Universal Dice is one of those bands that have been plugging away on the margins of the mainstream music scene for a number of years and never getting the widespread attention they deserve. Their latest effort, a sixteen song rock opera called birth, love, hate, death, will likely make some head way with them raising their artistic profile while still throwing down a gauntlet of sorts for listeners. These are easily digestible tunes, but main songwriter Gerry Dantone isn’t happy with just entertaining audiences with some snappy collection of cuts – instead, he brings accessibility and intelligence together in a single package that manages to balance giving a good time to the audience while still asking them to involve themselves with interesting characters that Dantone’s songwriting gives powerful voice to. It’s an effort from front to back that should more than satisfy the band’s longtime fans and earn them reams of newfound respect.

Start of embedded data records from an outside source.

Definition ebasis (y : nat) : Vec k := fun y' => if y' == y then nc1 else nczero k.

Lemma inA_out X f w : inA X f -> ~~ all (fun x => x \in X) w -> f w = 0.
Proof. by move=> [_ fX] Xw; apply/eqP; apply: contraNT Xw; exact: fX. Qed.

Lemma inA0 X : inA X (nczero k).
Proof. by split; [exists 0%N | move=> w; rewrite eqxx]. Qed.

Lemma inA1 X : inA X nc1.
Proof.
split; first by exists 0%N => -[].
by case=> [|z w] //=; rewrite /nc1 eqxx.
Qed.

Lemma inA_lin X c f g : inA X f -> inA X g -> inA X (ncadd (ncscale c f) g).
Proof.
move=> Af Ag; split.
  case: Af Ag => [[n1 f0] _] [[n2 g0] _].
  exists (maxn n1 n2) => w w_gt; rewrite /ncadd /ncscale f0 ?g0 ?mulr0 ?addr0 //; lia.
move=> w; apply: contraNT => Xw.
by rewrite /ncadd /ncscale (inA_out Af Xw) (inA_out Ag Xw) mulr0 addr0.
Qed.

Lemma inA_scale X c f : inA X f -> inA X (ncscale c f).
Proof. by move=> Af; rewrite -[ncscale c f]ncadd0; apply: inA_lin (inA0 X). Qed.

Lemma inA_mul X f g : inA X f -> inA X g -> inA X (ncmul f g).
Proof.
move=> Af Ag; split.
  case: Af Ag => [[n1 f0] _] [[n2 g0] _].
  exists (n1 + n2)%N => w w_gt; apply: big1 => i _.
  have size_w : (size (take i w) + size (drop i w) = size w)%N.
    by rewrite -size_cat cat_take_drop.
  case: (leqP (size (take i w)) n1) => ?; last by rewrite f0 ?mul0r.
  by rewrite (g0 (drop i w)) ?mulr0 //; lia.
move=> w; apply: contraNT => Xw; apply/eqP/big1 => i _.
have: ~~ all (fun x => x \in X) (take i w ++ drop i w) by rewrite cat_take_drop.
rewrite all_cat negb_and => /orP[Xt|Xd]; first by rewrite (inA_out Af Xt) mul0r.
by rewrite (inA_out Ag Xd) mulr0.
Qed.

Lemma inL_nil X l : inL X l -> l [::] = 0.
Proof.
elim=> // [f g _ f0 _ g0|c f _ f0|f g _ f0 _ g0].
- by rewrite /ncadd f0 g0 addr0.
- by rewrite /ncscale f0 mulr0.
- by rewrite /ncbr !ncmul_nil f0 g0 mul0r subrr.
Qed.

Lemma inL_inA X l : inL X l -> inA X l.
Proof.
elim=> [|x Xx|f g _ Af _ Ag|c f _ Af|f g _ Af _ Ag].
- exact: inA0.
- split; first by exists 1%N => w w_gt; rewrite /ncX; case: eqP w_gt => // ->.
  by move=> w; rewrite /ncX; case: (eqVneq w [:: x]) => [->|_] /=; rewrite ?Xx ?eqxx.
- by rewrite -[f]ncscale1; apply: inA_lin.
- exact: inA_scale.
- have -> : ncbr f g = ncadd (ncscale (-1) (ncmul g f)) (ncmul f g).
    by apply: functional_extensionality => w; rewrite /ncadd /ncscale /ncbr mulN1r addrC.
  by apply: inA_lin; apply: inA_mul.
Qed.

Lemma inL_fset0 l : inL fset0 l -> l = nczero k.
Proof.
elim=> // [f g _ -> _ ->|c f _ ->|f g _ -> _ ->].
- exact: ncadd0.
- exact: ncscale0.
- exact: ncbr0.
Qed.

Lemma inL_fset1 x l : inL [fset x]%fset l -> exists c, l = ncscale c (ncX k x).
Proof.
elim=> [|z|f g _ [c ->] _ [d ->]|c f _ [d ->]|f g _ [c ->] _ [d ->]].
- by exists 0; apply: functional_extensionality => w; rewrite /ncscale mul0r.
- by rewrite in_fset1 => /eqP ->; exists 1; rewrite ncscale1.
- by exists (c + d); apply: functional_extensionality => w; rewrite /ncadd /ncscale mulrDl.
- by exists (c * d); apply: functional_extensionality => w; rewrite /ncscale mulrA.
- exists 0; rewrite ncbr_scale.
  by apply: functional_extensionality => w; rewrite /ncscale mul0r.
Qed.

Lemma inM0 X Y : inM X Y (vzero k).
Proof. by split=> // y _; exact: inA0. Qed.

Lemma inM_inA X Y v y : inM X Y v -> inA X (v y).
Proof.
by move=> [vA v0]; case: (boolP (y \in Y)) => [/vA //|/v0 ->]; exact: inA0.
Qed.

Lemma inM_lin X Y c u v : inM X Y u -> inM X Y v -> inM X Y (vadd (vscale c u) v).
Proof.
move=> [uA u0] [vA v0]; split=> y Yy; first exact: inA_lin (uA y Yy) (vA y Yy).
by rewrite /vadd /vscale u0 // v0 // ncscale0 ncadd0.
Qed.

Lemma inM_act X Y l v : inL X l -> inM X Y v -> inM X Y (act l v).
Proof.
move=> Ll [vA v0]; split=> y Yy; rewrite /act; last by rewrite v0 // ncmulr0.
exact: inA_mul (inL_inA Ll) (vA y Yy).
Qed.

Lemma inM_ebasis X Y y : y \in Y -> inM X Y (ebasis y).
Proof.
move=> Yy; split=> y' Yy'; rewrite /ebasis; case: eqP => [Ey|_] //.
- exact: inA1.
- exact: inA0.
- by move: Yy'; rewrite Ey Yy.
Qed.

Lemma inM_fset0 X v : inM X fset0 v -> v = vzero k.
Proof. by move=> [_ v0]; apply: functional_extensionality => y; exact: v0. Qed.

Definition mkHom a b (phi : NC k -> NC k) (psi : Vec k -> Vec k)
  (H : isHom a b phi psi) : XiHom k a b := exist _ (phi, psi) H.

Lemma hom_eq a b (f g : XiHom k a b) : sval f = sval g -> f = g.
Proof. by case: f g => [p Hp] [q Hq] /= Epq; subst q; rewrite (proof_irrelevance _ Hp Hq). Qed.

Lemma hom_phi0 a b (f : XiHom k a b) : (sval f).1 (nczero k) = nczero k.
Proof.
have [[_ _ phi_lin _] _] := svalP f.
have := phi_lin (-1) _ _ (inL_zero k a.1) (inL_zero k a.1).
rewrite ncscale0 ncadd0 => ->.
by apply: functional_extensionality => w; rewrite /ncadd /ncscale mulN1r addNr.
Qed.

Lemma hom_psi0 a b (f : XiHom k a b) : (sval f).2 (vzero k) = vzero k.
Proof.
have [_ [_ _ psi_lin _]] := svalP f.
have := psi_lin (-1) _ _ (inM0 a.1 a.2) (inM0 a.1 a.2).
have -> : vadd (vscale (-1) (vzero k)) (vzero k) = vzero k.
  by apply: functional_extensionality => y; rewrite /vadd /vscale ncscale0 ncadd0.
move=> ->; apply: functional_extensionality => y; apply: functional_extensionality => w.
by rewrite /vadd /vscale /ncadd /ncscale mulN1r addNr.
Qed.

Lemma hom_phiZ a b (f : XiHom k a b) c l :
  inL a.1 l -> (sval f).1 (ncscale c l) = ncscale c ((sval f).1 l).
Proof.
move=> Ll; have [[_ _ phi_lin _] _] := svalP f.
by have := phi_lin c l _ Ll (inL_zero k a.1); rewrite !ncadd0 hom_phi0 ncadd0.
Qed.

Lemma comp_isHom a b e (f : XiHom k a b) (g : XiHom k b e) :
  isHom a e (fun l => (sval g).1 ((sval f).1 l)) (fun v => (sval g).2 ((sval f).2 v)).
Proof.
have [[fL f0 f_lin f_br] [fM f0' f_lin' f_act]] := svalP f.
have [[gL _ g_lin g_br] [gM _ g_lin' g_act]] := svalP g.
split; split.
- by move=> l /fL /gL.
- by move=> l /f0 ->; rewrite hom_phi0.
- by move=> c l m Ll Lm; rewrite f_lin // g_lin //; apply: fL.
- by move=> l m Ll Lm; rewrite f_br // g_br //; apply: fL.
- by move=> v /fM /gM.
- by move=> v /f0' ->; rewrite hom_psi0.
- by move=> c u v Mu Mv; rewrite f_lin' // g_lin' //; apply: fM.
- by move=> l v Ll Mv; rewrite g_act ?f_act //; [apply: fL | apply: fM].
Qed.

“Welcome to the World”, “The Prophet”, “Take Me Home”, and “Danielle” are representative of a particular style that works well for Universal Dice over and over again on this release. The mid-tempo rock strut or slide, with accompanying strong guitar work and drumming, repeatedly gets a workout on birth, love, hate, death and finds its finest expression in the aforementioned songs, especially the second and third. “Welcome to the World”, however, shouldn’t be glossed over as a great opener for an album is an increasingly rare thing. There’s a more considered line of attack taken with their slightly slowed down counterparts like “Your Son”, “I Love It When They Hate It”, and “I Know What I’m Doin’”, among others, and that’s evidence of a moodier character driving these songs and they are as artfully handled as any of the earlier tunes. Dantone largely avoids the ballad form on the album until its well into its second half, but the early cut “I Wish I Could Tell You This” perfectly embodies how these tunes come across like there’s considerable personal stakes involved in this work while still existing within the confines of Dantone’s storytelling.

The album’s final lap ranks among its most interesting features. Like any good plotter, Dantone realizes he needs to wind down his storyline in a considered way that listeners who’ve stuck it out with the album will appreciate and the final tally of “Man Enough, “I’m No Good for You”, “Sleeping Alone”, “One Day at a Time”, and the ending “Forever” moves the audience through a variety of musical touches with the same skillfulness we’ve experienced earlier, but conscious that things are coming to a close. The acoustic strains of the final two songs stands out against the largely rock leanings of this effort and finishes off birth, love, hate, death with the discerning sensibility you might expect. Universal Dice has produced progressively bolder and bolder works since they first debuted and their latest ranks among the most ambitious efforts released in recent memory. Gerry Dantone’s rock opera is a fully realized heart and mind experience.